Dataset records
*** Begin section ***

(* Let $Q$ be a subfield of $\mathbb{R}$, let $R = Q \times Q$ with coordinatewise addition and multiplication $(a,b)\cdot(c,d) = (ac, ad + bc)$, and consider the Frobenius template $(A(Q), C(Q), U(Q))$ in $R$, where $A(Q) = (Q \cap (0,\infty)) \times (Q \cap [0,\infty))$ and $C(Q) = U(Q) = (Q \cap [0,\infty))^2$. Let $n$ be a positive integer and let $(\alpha_1, \dots, \alpha_n)$ be a list of elements $\alpha_i = (a_i, b_i) \in A(Q)$ with $b_1 = 0$. Then $\mathrm{Frob}(\alpha_1, \dots, \alpha_n) = MN(\alpha_1, \dots, \alpha_n) = U(Q)$.
   Context: For a list $(\alpha_1,\dots,\alpha_n)$ in $A(Q)$, $MN(\alpha_1, \dots, \alpha_n) = \{\sum_{i=1}^n \alpha_i \lambda_i : \lambda_1, \dots, \lambda_n \in C(Q)\}$ (product in $R$), and $\mathrm{Frob}(\alpha_1, \dots, \alpha_n) = \{w \in R : w + U(Q) \subseteq MN(\alpha_1, \dots, \alpha_n)\}$, where $w + U(Q) = \{w + u : u \in U(Q)\}$. *)

From HB Require Import structures.
From mathcomp Require Import all_boot all_order all_algebra.
From mathcomp Require Import reals.
Set Implicit Arguments. Unset Strict Implicit. Unset Printing Implicit Defensive.
Import Order.TTheory GRing.Theory Num.Theory.
Local Open Scope ring_scope.

Section Template.
Variables (R : realType) (Q : {pred R}).

Definition inRQ (x : R * R) : Prop := x.1 \in Q /\ x.2 \in Q.

Definition rqmul (x y : R * R) : R * R := (x.1 * y.1, x.1 * y.2 + x.2 * y.1).
Definition rqadd (x y : R * R) : R * R := (x.1 + y.1, x.2 + y.2).
Definition rqsum (n : nat) (f : 'I_n -> R * R) : R * R :=
  (\sum_(i < n) (f i).1, \sum_(i < n) (f i).2).

Definition AQ (x : R * R) : Prop := [/\ x.1 \in Q, 0 < x.1, x.2 \in Q & 0 <= x.2].
Definition CQ (x : R * R) : Prop := [/\ x.1 \in Q, 0 <= x.1, x.2 \in Q & 0 <= x.2].
Definition UQ (x : R * R) : Prop := [/\ x.1 \in Q, 0 <= x.1, x.2 \in Q & 0 <= x.2].

Definition MN (n : nat) (alpha : 'I_n -> R * R) (w : R * R) : Prop :=
  exists lambda : 'I_n -> R * R,
    (forall i, CQ (lambda i)) /\ w = rqsum (fun i => rqmul (alpha i) (lambda i)).

Definition Frob (n : nat) (alpha : 'I_n -> R * R) (w : R * R) : Prop :=
  inRQ w /\ forall u, UQ u -> MN alpha (rqadd w u).

End Template.

(** The scalar (a, 0) with a > 0 in Q is invertible in R, with inverse
    (1/a, 0) in C(Q), so every w in U(Q) is (a, 0) * (w/a): already the first
    generator alone reaches all of U(Q).  Conversely A(Q) * C(Q) lies in U(Q)
    and U(Q) is additively closed, so MN = U(Q); closure of U(Q) under
    addition also gives w + U(Q) inside U(Q) = MN for every w in MN, which
    is Frob = MN. *)
From HB Require Import structures.
From mathcomp Require Import all_boot all_order all_algebra.
From mathcomp Require Import reals.
Set Implicit Arguments. Unset Strict Implicit. Unset Printing Implicit Defensive.
Import Order.TTheory GRing.Theory Num.Theory.
Local Open Scope ring_scope.

Section FrobeniusTemplate.
Variables (R : realType) (Q : {pred R}).
Hypothesis hQ : GRing.divring_closed Q.
HB.instance Definition _ := GRing.isDivringClosed.Build R Q hQ.

Lemma AQ_CQ (x : R * R) : AQ Q x -> CQ Q x.
Proof. by case=> *; split=> //; apply: ltW. Qed.

Lemma CQ_rqmul (x y : R * R) : CQ Q x -> CQ Q y -> CQ Q (rqmul x y).
Proof.
case=> Qx1 x1_ge0 Qx2 x2_ge0 [Qy1 y1_ge0 Qy2 y2_ge0].
by split; rewrite /= ?rpredD ?rpredM ?addr_ge0 ?mulr_ge0.
Qed.

Lemma CQ_rqadd (x y : R * R) : CQ Q x -> CQ Q y -> CQ Q (rqadd x y).
Proof.
case=> Qx1 x1_ge0 Qx2 x2_ge0 [Qy1 y1_ge0 Qy2 y2_ge0].
by split; rewrite /= ?rpredD ?addr_ge0.
Qed.

Lemma CQ_rqsum (n : nat) (f : 'I_n -> R * R) :
  (forall i, CQ Q (f i)) -> CQ Q (rqsum f).
Proof.
move=> CQf; split; rewrite /= ?rpred_sum ?sumr_ge0 // => i _;
  by case: (CQf i).
Qed.

Lemma MN_UQ (n : nat) (alpha : 'I_n -> R * R) (w : R * R) :
  (forall i, AQ Q (alpha i)) -> MN Q alpha w -> UQ Q w.
Proof.
move=> AQalpha [lambda [CQlambda ->]].
by apply: CQ_rqsum => i; apply: CQ_rqmul; [apply: AQ_CQ | apply: CQlambda].
Qed.

Lemma rqsum_supp1 (n : nat) (f : 'I_n -> R * R) (i0 : 'I_n) :
  (forall j, j != i0 -> f j = (0, 0)) -> rqsum f = f i0.
Proof.
move=> f_supp; rewrite /rqsum (bigD1 i0) //= [X in (_, X)](bigD1 i0) //=.
rewrite !big1 ?addr0 -1?surjective_pairing // => j /f_supp -> //.
Qed.

Lemma rqmul_scalarK (a : R) (w : R * R) :
  a != 0 -> rqmul (a, 0) (w.1 / a, w.2 / a) = w.
Proof.
by move=> a_neq0; rewrite /rqmul /= mul0r addr0 ![a * _]mulrC !divfK // -surjective_pairing.
Qed.

Lemma UQ_MN (n : nat) (alpha : 'I_n -> R * R) (i0 : 'I_n) (w : R * R) :
  AQ Q (alpha i0) -> (alpha i0).2 = 0 -> UQ Q w -> MN Q alpha w.
Proof.
move=> [Qa a_gt0 _ _] alpha_i0_2 [Qw1 w1_ge0 Qw2 w2_ge0].
have alpha_i0E : alpha i0 = ((alpha i0).1, 0) by rewrite -alpha_i0_2 -surjective_pairing.
set a := (alpha i0).1 in Qa a_gt0 alpha_i0E.
have a_ge0 := ltW a_gt0.
exists (fun j => if j == i0 then (w.1 / a, w.2 / a) else (0, 0)); split.
  move=> j; case: eqP => _; split; rewrite /= ?rpred0 ?rpred_div ?divr_ge0 //.
rewrite (@rqsum_supp1 _ _ i0) => [|j /negbTE ->]; last by rewrite /rqmul /= !mulr0 addr0.
by rewrite eqxx alpha_i0E rqmul_scalarK ?gt_eqF.
Qed.

Lemma Frob_MN (n : nat) (alpha : 'I_n -> R * R) (w : R * R) :
  Frob Q alpha w -> MN Q alpha w.
Proof.
case=> _ /(_ (0, 0)); rewrite /rqadd !addr0 -surjective_pairing; apply.
by split; rewrite ?rpred0.
Qed.

Lemma UQ_Frob (n : nat) (alpha : 'I_n -> R * R) (w : R * R) :
  (forall v, UQ Q v -> MN Q alpha v) -> UQ Q w -> Frob Q alpha w.
Proof.
move=> UQ_sub_MN UQw; split; first by case: UQw.
by move=> u UQu; apply/UQ_sub_MN/CQ_rqadd.
Qed.

End FrobeniusTemplate.

Theorem proposition4p2 (R : realType) (Q : {pred R})
  (hQ : GRing.divring_closed Q)
  (n : nat) (hn : (0 < n)%N) (alpha : 'I_n -> R * R)
  (hA : forall i, AQ Q (alpha i))
  (hb1 : forall i : 'I_n, nat_of_ord i = 0%N -> (alpha i).2 = 0) :
  (forall w, Frob Q alpha w <-> MN Q alpha w) /\
  (forall w, MN Q alpha w <-> UQ Q w).
Proof.
pose i0 : 'I_n := Ordinal hn.
have MN_iff_UQ w : MN Q alpha w <-> UQ Q w.
  split; first exact: (MN_UQ hQ hA).
  by apply: (UQ_MN hQ (hA i0)); apply: hb1.
split=> w; last exact: MN_iff_UQ.
split; first exact: (Frob_MN hQ).
by move/MN_iff_UQ; apply: (UQ_Frob hQ) => v /MN_iff_UQ.
Qed.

*** End section ***

Each line above that has the word "split" should be copied.

RESPONSE
Proof. by case=> *; split=> //; apply: ltW. Qed.
by split; rewrite /= ?rpredD ?rpredM ?addr_ge0 ?mulr_ge0.
by split; rewrite /= ?rpredD ?addr_ge0.
move=> CQf; split; rewrite /= ?rpred_sum ?sumr_ge0 // => i _;
exists (fun j => if j == i0 then (w.1 / a, w.2 / a) else (0, 0)); split.
  move=> j; case: eqP => _; split; rewrite /= ?rpred0 ?rpred_div ?divr_ge0 //.
by split; rewrite ?rpred0.
move=> UQ_sub_MN UQw; split; first by case: UQw.
  split; first exact: (MN_UQ hQ hA).
split=> w; last exact: MN_iff_UQ.
split; first exact: (Frob_MN hQ).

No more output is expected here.